Article : « La médiation humaniste, pour ‘faire société’ dans la prise en charge des différends  » de Marie-Odile Delcourt, André Dupleix, Guy Escalettes, Alberto Giasanti, Etienne Le Roy, Leonardo Lenzi, Jacqueline Morineau, Christine Tavares, Filippo Vanoncini, Bertrand De Villeneuve, HAL archives-ouvertes.fr, 3/07/2015, 19p.


Introduction
Si la médiation semble, depuis une quinzaine d’années, faire l’objet d’une reconnaissance institutionnelle et juridique, elle n’est pas, néanmoins, une pratique connue ou reconnue de la majorité de nos concitoyens qui peuvent l’associer, voire l’assimiler, à d’autres modes de régulation des conflits. En effet la médiation est un processus de résolution de différends par la restauration d’un dialogue entre les parties (dites médiants), dialogue facilité grâce à l’intervention d’un troisième acteur, le médiateur. Le processus de médiation vise à résoudre le différend en modifiant la vision qu’en a chaque partie par un échange réciproque, faisant progressivement évoluer la perception du problème par les médiants jusqu’à leur permettre d’en élaborer eux-mêmes la solution. Ce dernier point le distingue fondamentalement des processus plus directifs que sont la conciliation, la négociation et l’arbitrage.
En outre, et peut-être surtout, nombre des initiateurs de la médiation, venant du monde de la justice ou influencés par elle, ont abordé la médiation selon deux finalités qui seront ici discutées : la première comme un mode de règlement des conflits2, voire même des litiges3 selon la définition donnée ci-dessus ; la seconde comme une alternative au mode formel et judiciaire, l’un et l’autre modes empruntant beaucoup aux modèles anglo-saxons d’Alternative Dispute Resolution (ADR).
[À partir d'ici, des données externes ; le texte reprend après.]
(* A convex combination attaining the maximum [b] of [a] only charges
   vertices where [a] attains [b]. *)
Lemma conv_hull_tight a b c r y :
  (forall i, dotv a (f i) <= b) -> (forall i, dotv a (f i) = b -> dotv c (f i) = r) ->
  P y -> dotv a y = b -> dotv c y = r.
Proof.
move=> fa fac /conv_hull_dotv [w [w_ge0 w_sum yE]] ay.
have slack0 : \sum_i w i * (b - dotv a (f i)) = 0.
  under eq_bigr do rewrite mulrBr.
  by rewrite sumrB -mulr_suml w_sum mul1r -yE ay subrr.
have /psumr_eq0P w_slack : forall i, true -> 0 <= w i * (b - dotv a (f i)).
  by move=> i _; rewrite mulr_ge0 // subr_ge0.
rewrite yE -[r]mul1r -w_sum mulr_suml; apply: eq_bigr => i _.
have /eqP := w_slack slack0 i isT; rewrite mulf_eq0 subr_eq0 => /orP[/eqP -> | /eqP fi].
  by rewrite !mul0r.
by rewrite fac.
Qed.

Definition tight_spans_hyperplane (c : 'rV[R]_n) (r : R) :=
  exists i0, dotv c (f i0) = r /\
    forall v, (forall i, dotv c (f i) = r -> dotv v (f i) = dotv v (f i0)) ->
      exists x, v = x *: c.

Lemma tight_face_has_affdim c r : c != 0 -> (forall i, dotv c (f i) <= r) ->
  tight_spans_hyperplane c r -> has_affdim (fun y => P y /\ dotv c y = r) n.-1.
Proof.
move=> c0 fc [i0 [ci0 spans]]; split; last first.
  by move=> /affdim_ge_hyperplane /(_ c0) /(_ (fun y yc => yc.2)); lia.
pose y i := if dotv c (f i) == r then f i else f i0.
have := @affdim_ge_orth R n _ I (f i0) y 1 c.
rewrite rank_rV c0 subn1; apply.
- by split; [apply: conv_hull_vertex | apply: ci0].
- by move=> i; rewrite /y; case: eqP => ci; split=> //; apply: conv_hull_vertex.
move=> v vy; apply/sub_rVP/spans => i ci.
by move: (vy i); rewrite /y ci eqxx dotvBr => /eqP; rewrite subr_eq0 => /eqP.
Qed.

(* Two hyperplanes containing [n] affinely independent points coincide, so
   [a] is a multiple of [c]. *)
Lemma tight_face_eq a b c r : (forall i, dotv a (f i) <= b) -> c != 0 ->
  (forall i, dotv a (f i) = b -> dotv c (f i) = r) ->
  affdim_ge (fun y => P y /\ dotv a y = b) n.-1 ->
  forall y, P y /\ dotv a y = b <-> P y /\ dotv c y = r.
Proof.
move=> fa c0 fac [x [xF freex]].
have xc i : dotv c (x i) = r by have [Px xa] := xF i; apply: conv_hull_tight xa.
have xa i : dotv a (x i) = b by have [] := xF i.
have [k ak] := row_free_kermx_colinear freex c0 (diffmx_ker xc) (diffmx_ker xa).
move=> y; split=> [[Py ya] | [Py yc]]; split=> //.
  exact: conv_hull_tight ya.
by rewrite -(xa ord0) ak !dotvZl yc xc.
Qed.

Lemma conv_hull_facetP (T : Type) (N : T -> 'rV[R]_n) (r : T -> R) :
  (0 < n)%N -> affdim_ge P n ->
  (forall t, N t != 0) -> (forall t i, dotv (N t) (f i) <= r t) ->
  (forall t, tight_spans_hyperplane (N t) (r t)) ->
  (forall a b, a != 0 -> (forall i, dotv a (f i) <= b) ->
     exists t, forall i, dotv a (f i) = b -> dotv (N t) (f i) = r t) ->
  forall F, is_facet P F n <-> exists t, forall y, F y <-> P y /\ dotv (N t) y = r t.
Proof.
move=> n_gt0 fullP N0 fN spansN coverN F; split.
  move=> [[a [b [Pa FE]]] [dimF not_dimF]].
  have fa i : dotv a (f i) <= b by apply/Pa/conv_hull_vertex.
  have a0 : a != 0.
    apply: contra_notN not_dimF => /eqP a0; rewrite prednK //.
    have [x [xF _]] := dimF; have [_ xa] := proj1 (FE _) (xF ord0).
    apply: affdim_ge_subset fullP => y Py; apply/FE; split=> //.
    by rewrite -xa a0 !dotv0l.
  have [t ft] := coverN a b a0 fa.
  exists t => y; rewrite FE; apply: tight_face_eq => //.
  by apply: affdim_ge_subset dimF => y' /FE.
move=> [t FE]; split; first by exists (N t), (r t); split=> // y Py; apply: conv_hull_le.
have [dimT not_dimT] := tight_face_has_affdim (N0 t) (fN t) (spansN t).
split; first by apply: affdim_ge_subset dimT => y /FE.
by move=> /(affdim_ge_subset (fun y => proj1 (FE y))).
Qed.

End ConvexHull.

Lemma grid_max_tight (R : realFieldType) e e' (al be b : R) (i : 'I_e) (j : 'I_e') :
  0 < al -> (forall (i' : 'I_e) (j' : 'I_e'), i'.+1%:R * al + j'.+1%:R * be <= b) ->
  i.+1%:R * al + j.+1%:R * be = b -> i.+1 = e /\ (b = 0 -> j = 0 :> nat).
Proof.
move=> al_gt0 le_b ij_b; split.
  case: (ltnP i.+1 e) => [lt_ie|]; last by have := ltn_ord i; lia.
  by have := le_b (Ordinal lt_ie) j; rewrite -ij_b /= lerD2r ler_pM2r // ler_nat ltnn.
move=> b0; case: (posnP j) => // j_gt0; exfalso.
have lt_je : (j.-1 < e')%N by have := ltn_ord j; lia.
have := le_b i (Ordinal lt_je); rewrite /= prednK //.
move: ij_b; rewrite b0 -nat1r mulrDl mul1r => ij_0 le_0.
have i_al : 0 < i.+1%:R * al by rewrite mulr_gt0 ?ltr0Sn.
have be_ge0 : 0 <= be by lra.
have : 0 <= j%:R * be by rewrite mulr_ge0 ?ler0n.
lra.
Qed.

Section Polytope.
Variable R : realFieldType.
Variables d1 d2 e1 e2 : nat.
Hypotheses (hd1 : (2 <= d1)%N) (hd2 : (2 <= d2)%N).
Hypotheses (he1 : (2 <= e1)%N) (he2 : (2 <= e2)%N).

Local Notation n := (d1 + d2)%N.
Local Notation lsh := (lshift d2).
Local Notation rsh := (@rshift d1 d2).
Local Notation Acol := (@Acol R d1 e1 d2 e2).
Local Notation pt := (@Apts R d1 e1 d2 e2).
Local Notation P := (@convA0 R d1 e1 d2 e2).
Local Notation N := (@ineq_normal R d1 e1 d2 e2).
Local Notation r := (@ineq_rhs R d1 d2 e1 e2).

Definition ratio1 : 'I_4 := @Ordinal 4 0 isT.
Definition ratio2 : 'I_4 := @Ordinal 4 1 isT.
Definition bound1 : 'I_4 := @Ordinal 4 2 isT.
Definition bound2 : 'I_4 := @Ordinal 4 3 isT.

Variant ineq_spec : 'I_n + 'I_4 -> Type :=
  | IneqL k : ineq_spec (inl (lsh k))
  | IneqR k : ineq_spec (inl (rsh k))
  | IneqRatio1 : ineq_spec (inr ratio1)
  | IneqRatio2 : ineq_spec (inr ratio2)
  | IneqBound1 : ineq_spec (inr bound1)
  | IneqBound2 : ineq_spec (inr bound2).

Lemma ineqP t : ineq_spec t.
Proof.
case: t => [k | [[|[|[|[|m]]]] hm] //].
- case: (splitP k) => j kj.
    have -> : k = lsh j by apply: val_inj.
    exact: IneqL.
  have -> : k = rsh j by apply: val_inj.
  exact: IneqR.
- by rewrite (bool_irrelevance hm isT); apply: IneqRatio1.
- by rewrite (bool_irrelevance hm isT); apply: IneqRatio2.
- by rewrite (bool_irrelevance hm isT); apply: IneqBound1.
- by rewrite (bool_irrelevance hm isT); apply: IneqBound2.
Qed.

Lemma exists_ord_neq m (hm : (1 < m)%N) (k : 'I_m) : exists k' : 'I_m, k' != k.
Proof.
have [->|k_neq0] := eqVneq k (Ordinal (ltnW hm)); first by exists (Ordinal hm).
by exists (Ordinal (ltnW hm)); rewrite eq_sym.
Qed.

Definition k0 : 'I_d1 := Ordinal (ltnW hd1).
Definition k1 : 'I_d1 := Ordinal hd1.
Definition l0 : 'I_d2 := Ordinal (ltnW hd2).
Definition l1 : 'I_d2 := Ordinal hd2.
Definition i0 : 'I_e1 := Ordinal (ltnW he1).
Definition i1 : 'I_e1 := Ordinal he1.
Definition j0 : 'I_e2 := Ordinal (ltnW he2).
Definition j1 : 'I_e2 := Ordinal he2.
Definition imax : 'I_e1 := Ordinal (etrans (ltn_predL e1) (ltnW he1)).
Definition jmax : 'I_e2 := Ordinal (etrans (ltn_predL e2) (ltnW he2)).

Lemma imaxE : (imax : nat).+1 = e1. Proof. by rewrite /= prednK // ltnW. Qed.
Lemma jmaxE : (jmax : nat).+1 = e2. Proof. by rewrite /= prednK // ltnW. Qed.

Lemma e1_neq0 : e1%:R != 0 :> R. Proof. by rewrite pnatr_eq0; lia. Qed.
Lemma e2_neq0 : e2%:R != 0 :> R. Proof. by rewrite pnatr_eq0; lia. Qed.

Lemma row_lrP (v w : 'rV[R]_n) : (forall k, v 0 (lsh k) = w 0 (lsh k)) ->
  (forall k, v 0 (rsh k) = w 0 (rsh k)) -> v = w.
Proof.
move=> vwl vwr; apply/rowP => k; case: (splitP k) => j kj.
  by have -> : k = lsh j by apply: val_inj.
by have -> : k = rsh j by apply: val_inj.
Qed.

Lemma Acol_lsh ka i la j k :
  Acol (ka, i, la, j) 0 (lsh k) = if k == ka then i.+1%:R else 0.
Proof. by rewrite mxE !eq_shift. Qed.

Lemma Acol_rsh ka i la j k :
  Acol (ka, i, la, j) 0 (rsh k) = if k == la then j.+1%:R else 0.
Proof. by rewrite mxE !eq_shift. Qed.

Lemma Acol_ge0 c k : 0 <= Acol c 0 k :> R.
Proof.
case: c => [[[ka i] la] j]; rewrite mxE.
by case: ifP => _; [|case: ifP => _]; rewrite ?ler0n.
Qed.

Lemma dotv_Acol (v : 'rV[R]_n) ka i la j :
  dotv v (Acol (ka, i, la, j)) = i.+1%:R * v 0 (lsh ka) + j.+1%:R * v 0 (rsh la).
Proof.
rewrite /dotv big_split_ord; congr (_ + _).
  rewrite (bigD1 ka) // big1 => [|k /negbTE kka]; last by rewrite Acol_lsh kka mulr0.
  by rewrite Acol_lsh eqxx /= addr0 mulrC.
rewrite (bigD1 la) // big1 => [|k /negbTE kla]; last by rewrite Acol_rsh kla mulr0.
by rewrite Acol_rsh eqxx /= addr0 mulrC.
Qed.

Lemma Apts_Some c : pt (Some c) = Acol c. Proof. by []. Qed.
Lemma Apts_None : pt None = 0. Proof. by []. Qed.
Dans les descriptions que nous offre la très grande majorité des travaux sur la médiation4, ce sont les normes juridiques et le droit positif qui sont directement utilisés ou indirectement transposés selon le modèle de l’englobement du contraire5, principe de facture dualiste qui permet de faire cohabiter deux valeurs de nature opposée, la hiérarchie et l’égalité. Ces pratiques révèlent la soumission de nos sociétés au Droit (ou aux institutions étatiques) etsont précieuses dans la mesure où elles sont une condition de l’État de droit, donc de notre démocratie politique. Leur seule présence dans le vocabulaire et les procédures est cependant problématique et paradoxale dans la mesure où les démarches de médiation sont associées, depuis le début des années 1980, au souci de faire évoluer des sociétés fondées sur un ordre imposé par un État-Providence vers un ordonnancement accepté par le biais de la négociation et d’un ordre négocié.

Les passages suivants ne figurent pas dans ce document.